Exercise brief
Nothing but the lines from the one containing "(P : 'I_N -> allocation" through the one containing "supply : 'I_p * 'I_n -> rat;", both included, should be given again, each exactly as written below.

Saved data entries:

--*--

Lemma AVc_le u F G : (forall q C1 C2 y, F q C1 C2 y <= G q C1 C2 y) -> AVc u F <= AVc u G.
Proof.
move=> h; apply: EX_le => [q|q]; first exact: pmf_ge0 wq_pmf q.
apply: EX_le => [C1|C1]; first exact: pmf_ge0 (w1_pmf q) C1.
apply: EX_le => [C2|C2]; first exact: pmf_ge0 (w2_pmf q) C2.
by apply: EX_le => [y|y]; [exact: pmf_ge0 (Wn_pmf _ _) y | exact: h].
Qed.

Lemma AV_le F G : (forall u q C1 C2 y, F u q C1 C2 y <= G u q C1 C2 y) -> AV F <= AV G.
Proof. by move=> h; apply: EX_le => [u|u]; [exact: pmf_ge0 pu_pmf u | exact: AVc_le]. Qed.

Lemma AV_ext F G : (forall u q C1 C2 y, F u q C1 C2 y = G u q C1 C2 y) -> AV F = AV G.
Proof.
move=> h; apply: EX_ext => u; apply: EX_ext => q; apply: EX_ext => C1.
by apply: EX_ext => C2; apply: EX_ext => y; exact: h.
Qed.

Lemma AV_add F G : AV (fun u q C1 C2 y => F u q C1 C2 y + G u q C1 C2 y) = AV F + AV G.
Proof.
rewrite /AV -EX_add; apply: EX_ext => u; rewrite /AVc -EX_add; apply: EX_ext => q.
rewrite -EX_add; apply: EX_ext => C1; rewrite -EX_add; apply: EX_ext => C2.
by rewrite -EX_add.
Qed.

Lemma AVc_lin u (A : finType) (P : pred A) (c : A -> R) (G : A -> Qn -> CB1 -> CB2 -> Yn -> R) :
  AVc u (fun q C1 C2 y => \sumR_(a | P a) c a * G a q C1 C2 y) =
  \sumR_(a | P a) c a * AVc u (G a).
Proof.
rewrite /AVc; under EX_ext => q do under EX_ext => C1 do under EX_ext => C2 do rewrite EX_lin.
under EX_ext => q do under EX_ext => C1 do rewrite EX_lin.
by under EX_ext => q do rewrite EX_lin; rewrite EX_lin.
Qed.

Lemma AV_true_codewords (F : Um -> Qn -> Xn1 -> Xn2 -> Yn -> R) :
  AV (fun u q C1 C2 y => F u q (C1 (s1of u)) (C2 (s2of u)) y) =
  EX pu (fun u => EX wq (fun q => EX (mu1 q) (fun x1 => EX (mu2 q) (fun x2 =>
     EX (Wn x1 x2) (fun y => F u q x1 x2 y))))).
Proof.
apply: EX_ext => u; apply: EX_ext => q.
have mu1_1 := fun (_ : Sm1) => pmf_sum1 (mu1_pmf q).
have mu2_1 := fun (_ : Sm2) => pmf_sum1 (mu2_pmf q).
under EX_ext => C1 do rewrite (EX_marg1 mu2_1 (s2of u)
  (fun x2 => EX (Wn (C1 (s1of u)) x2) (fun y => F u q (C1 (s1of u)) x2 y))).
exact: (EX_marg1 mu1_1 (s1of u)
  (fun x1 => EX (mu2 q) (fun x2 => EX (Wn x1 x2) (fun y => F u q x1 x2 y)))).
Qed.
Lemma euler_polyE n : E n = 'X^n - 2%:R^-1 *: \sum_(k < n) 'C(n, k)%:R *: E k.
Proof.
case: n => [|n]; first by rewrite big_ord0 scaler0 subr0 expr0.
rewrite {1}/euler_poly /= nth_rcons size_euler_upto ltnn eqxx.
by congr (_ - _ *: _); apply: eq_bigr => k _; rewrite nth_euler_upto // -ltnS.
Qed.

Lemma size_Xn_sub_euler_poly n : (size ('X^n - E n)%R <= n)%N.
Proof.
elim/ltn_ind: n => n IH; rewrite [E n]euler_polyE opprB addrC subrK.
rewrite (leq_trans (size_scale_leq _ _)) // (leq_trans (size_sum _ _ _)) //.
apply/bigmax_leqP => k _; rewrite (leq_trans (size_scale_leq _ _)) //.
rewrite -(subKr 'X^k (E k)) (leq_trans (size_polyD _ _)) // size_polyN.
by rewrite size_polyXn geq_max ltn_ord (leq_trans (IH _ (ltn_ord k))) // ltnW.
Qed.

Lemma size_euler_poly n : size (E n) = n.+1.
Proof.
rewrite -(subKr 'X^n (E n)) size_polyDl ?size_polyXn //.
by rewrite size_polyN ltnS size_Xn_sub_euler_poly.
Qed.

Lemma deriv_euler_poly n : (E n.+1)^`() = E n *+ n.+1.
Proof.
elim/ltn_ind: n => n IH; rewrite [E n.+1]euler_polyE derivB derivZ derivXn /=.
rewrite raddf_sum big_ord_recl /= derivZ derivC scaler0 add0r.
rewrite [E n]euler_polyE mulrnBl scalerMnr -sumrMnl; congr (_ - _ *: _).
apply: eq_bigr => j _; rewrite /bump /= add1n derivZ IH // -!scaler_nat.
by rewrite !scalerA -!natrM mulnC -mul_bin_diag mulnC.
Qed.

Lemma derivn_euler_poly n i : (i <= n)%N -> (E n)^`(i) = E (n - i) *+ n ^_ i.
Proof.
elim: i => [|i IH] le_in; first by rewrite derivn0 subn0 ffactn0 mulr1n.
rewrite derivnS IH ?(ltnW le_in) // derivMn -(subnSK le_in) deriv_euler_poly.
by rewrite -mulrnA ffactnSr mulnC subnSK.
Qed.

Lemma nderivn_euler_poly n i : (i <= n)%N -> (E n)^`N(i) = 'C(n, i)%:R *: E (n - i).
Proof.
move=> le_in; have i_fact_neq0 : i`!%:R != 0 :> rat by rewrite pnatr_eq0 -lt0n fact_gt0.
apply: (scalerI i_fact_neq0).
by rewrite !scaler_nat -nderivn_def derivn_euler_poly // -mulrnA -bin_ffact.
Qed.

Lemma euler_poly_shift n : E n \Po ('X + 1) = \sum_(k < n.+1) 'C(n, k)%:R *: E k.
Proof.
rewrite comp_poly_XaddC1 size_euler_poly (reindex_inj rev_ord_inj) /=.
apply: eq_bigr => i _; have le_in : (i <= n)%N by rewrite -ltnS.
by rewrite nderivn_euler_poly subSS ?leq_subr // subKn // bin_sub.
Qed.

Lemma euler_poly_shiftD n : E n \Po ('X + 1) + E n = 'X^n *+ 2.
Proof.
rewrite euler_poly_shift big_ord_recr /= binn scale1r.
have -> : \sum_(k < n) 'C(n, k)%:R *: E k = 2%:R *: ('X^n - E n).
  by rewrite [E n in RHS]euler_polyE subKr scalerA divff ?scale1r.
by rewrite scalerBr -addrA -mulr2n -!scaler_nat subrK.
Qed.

--*--

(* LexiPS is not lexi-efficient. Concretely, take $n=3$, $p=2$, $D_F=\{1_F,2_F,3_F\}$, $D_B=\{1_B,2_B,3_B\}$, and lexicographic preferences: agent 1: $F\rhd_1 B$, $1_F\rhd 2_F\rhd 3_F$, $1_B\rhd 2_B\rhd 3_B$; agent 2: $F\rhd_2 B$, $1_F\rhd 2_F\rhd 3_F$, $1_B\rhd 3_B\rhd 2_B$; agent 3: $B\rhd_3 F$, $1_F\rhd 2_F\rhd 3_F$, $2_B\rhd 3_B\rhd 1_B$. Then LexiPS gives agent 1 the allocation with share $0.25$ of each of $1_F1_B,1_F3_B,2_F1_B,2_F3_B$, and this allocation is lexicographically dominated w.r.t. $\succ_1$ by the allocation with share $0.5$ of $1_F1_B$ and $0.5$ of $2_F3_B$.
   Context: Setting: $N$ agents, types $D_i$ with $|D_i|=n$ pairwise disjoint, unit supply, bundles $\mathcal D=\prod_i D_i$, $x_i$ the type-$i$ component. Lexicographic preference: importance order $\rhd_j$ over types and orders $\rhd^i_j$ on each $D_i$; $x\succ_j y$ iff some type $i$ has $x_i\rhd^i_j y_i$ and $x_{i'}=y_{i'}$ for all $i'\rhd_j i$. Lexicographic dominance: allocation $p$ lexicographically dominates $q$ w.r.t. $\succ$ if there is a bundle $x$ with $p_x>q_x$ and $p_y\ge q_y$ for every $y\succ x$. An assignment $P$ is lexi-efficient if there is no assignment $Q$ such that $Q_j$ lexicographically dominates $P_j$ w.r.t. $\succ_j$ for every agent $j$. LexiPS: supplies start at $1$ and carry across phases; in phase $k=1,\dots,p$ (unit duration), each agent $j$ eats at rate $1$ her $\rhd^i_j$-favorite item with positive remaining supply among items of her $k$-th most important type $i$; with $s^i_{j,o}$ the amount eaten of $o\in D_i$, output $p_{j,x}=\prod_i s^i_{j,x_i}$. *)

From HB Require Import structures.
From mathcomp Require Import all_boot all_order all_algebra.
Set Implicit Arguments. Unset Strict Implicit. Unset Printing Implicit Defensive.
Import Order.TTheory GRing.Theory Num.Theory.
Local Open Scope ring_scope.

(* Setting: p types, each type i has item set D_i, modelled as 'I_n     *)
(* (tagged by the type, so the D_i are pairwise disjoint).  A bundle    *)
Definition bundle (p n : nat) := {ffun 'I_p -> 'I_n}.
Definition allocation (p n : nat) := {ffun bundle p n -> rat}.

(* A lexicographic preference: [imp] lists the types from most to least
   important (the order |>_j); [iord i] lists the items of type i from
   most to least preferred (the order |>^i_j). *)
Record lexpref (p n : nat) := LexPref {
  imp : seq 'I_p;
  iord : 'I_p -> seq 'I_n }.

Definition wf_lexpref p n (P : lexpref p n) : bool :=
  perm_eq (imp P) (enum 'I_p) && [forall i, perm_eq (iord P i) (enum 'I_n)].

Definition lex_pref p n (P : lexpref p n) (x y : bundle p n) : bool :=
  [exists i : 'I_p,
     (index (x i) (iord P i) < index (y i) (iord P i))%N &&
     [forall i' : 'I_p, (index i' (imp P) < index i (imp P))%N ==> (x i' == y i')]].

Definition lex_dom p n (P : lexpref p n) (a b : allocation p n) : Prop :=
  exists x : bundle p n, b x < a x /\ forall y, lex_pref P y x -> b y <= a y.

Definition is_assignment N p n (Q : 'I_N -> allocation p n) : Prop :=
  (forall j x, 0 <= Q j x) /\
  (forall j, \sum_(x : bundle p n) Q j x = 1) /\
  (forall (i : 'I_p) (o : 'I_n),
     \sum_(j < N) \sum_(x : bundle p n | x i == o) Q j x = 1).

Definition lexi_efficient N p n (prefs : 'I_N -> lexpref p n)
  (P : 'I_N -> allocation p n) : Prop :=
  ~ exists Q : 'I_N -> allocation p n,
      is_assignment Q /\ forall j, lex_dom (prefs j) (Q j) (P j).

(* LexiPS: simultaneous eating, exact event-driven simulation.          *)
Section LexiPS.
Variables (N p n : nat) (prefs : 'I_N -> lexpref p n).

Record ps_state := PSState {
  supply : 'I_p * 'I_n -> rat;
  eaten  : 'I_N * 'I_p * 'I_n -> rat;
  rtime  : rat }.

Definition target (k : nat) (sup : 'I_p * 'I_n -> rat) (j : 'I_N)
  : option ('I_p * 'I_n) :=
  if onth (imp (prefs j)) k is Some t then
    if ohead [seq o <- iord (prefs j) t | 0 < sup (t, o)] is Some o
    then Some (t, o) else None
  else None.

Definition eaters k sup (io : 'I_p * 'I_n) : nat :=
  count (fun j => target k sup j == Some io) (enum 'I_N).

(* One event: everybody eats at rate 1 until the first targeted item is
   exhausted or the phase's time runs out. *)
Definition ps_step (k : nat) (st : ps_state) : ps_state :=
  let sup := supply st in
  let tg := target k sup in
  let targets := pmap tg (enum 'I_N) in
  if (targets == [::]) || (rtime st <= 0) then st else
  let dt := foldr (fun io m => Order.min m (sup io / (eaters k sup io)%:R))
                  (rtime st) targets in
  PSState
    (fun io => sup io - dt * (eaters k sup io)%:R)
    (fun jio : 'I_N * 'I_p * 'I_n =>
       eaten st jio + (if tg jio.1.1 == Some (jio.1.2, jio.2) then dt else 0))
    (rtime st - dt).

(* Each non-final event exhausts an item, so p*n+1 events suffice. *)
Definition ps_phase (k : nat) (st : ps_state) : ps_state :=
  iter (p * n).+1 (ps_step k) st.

--*--

Exercise response
  (P : 'I_N -> allocation p n) : Prop :=
  ~ exists Q : 'I_N -> allocation p n,
      is_assignment Q /\ forall j, lex_dom (prefs j) (Q j) (P j).

(* LexiPS: simultaneous eating, exact event-driven simulation.          *)
Section LexiPS.
Variables (N p n : nat) (prefs : 'I_N -> lexpref p n).

Record ps_state := PSState {
  supply : 'I_p * 'I_n -> rat;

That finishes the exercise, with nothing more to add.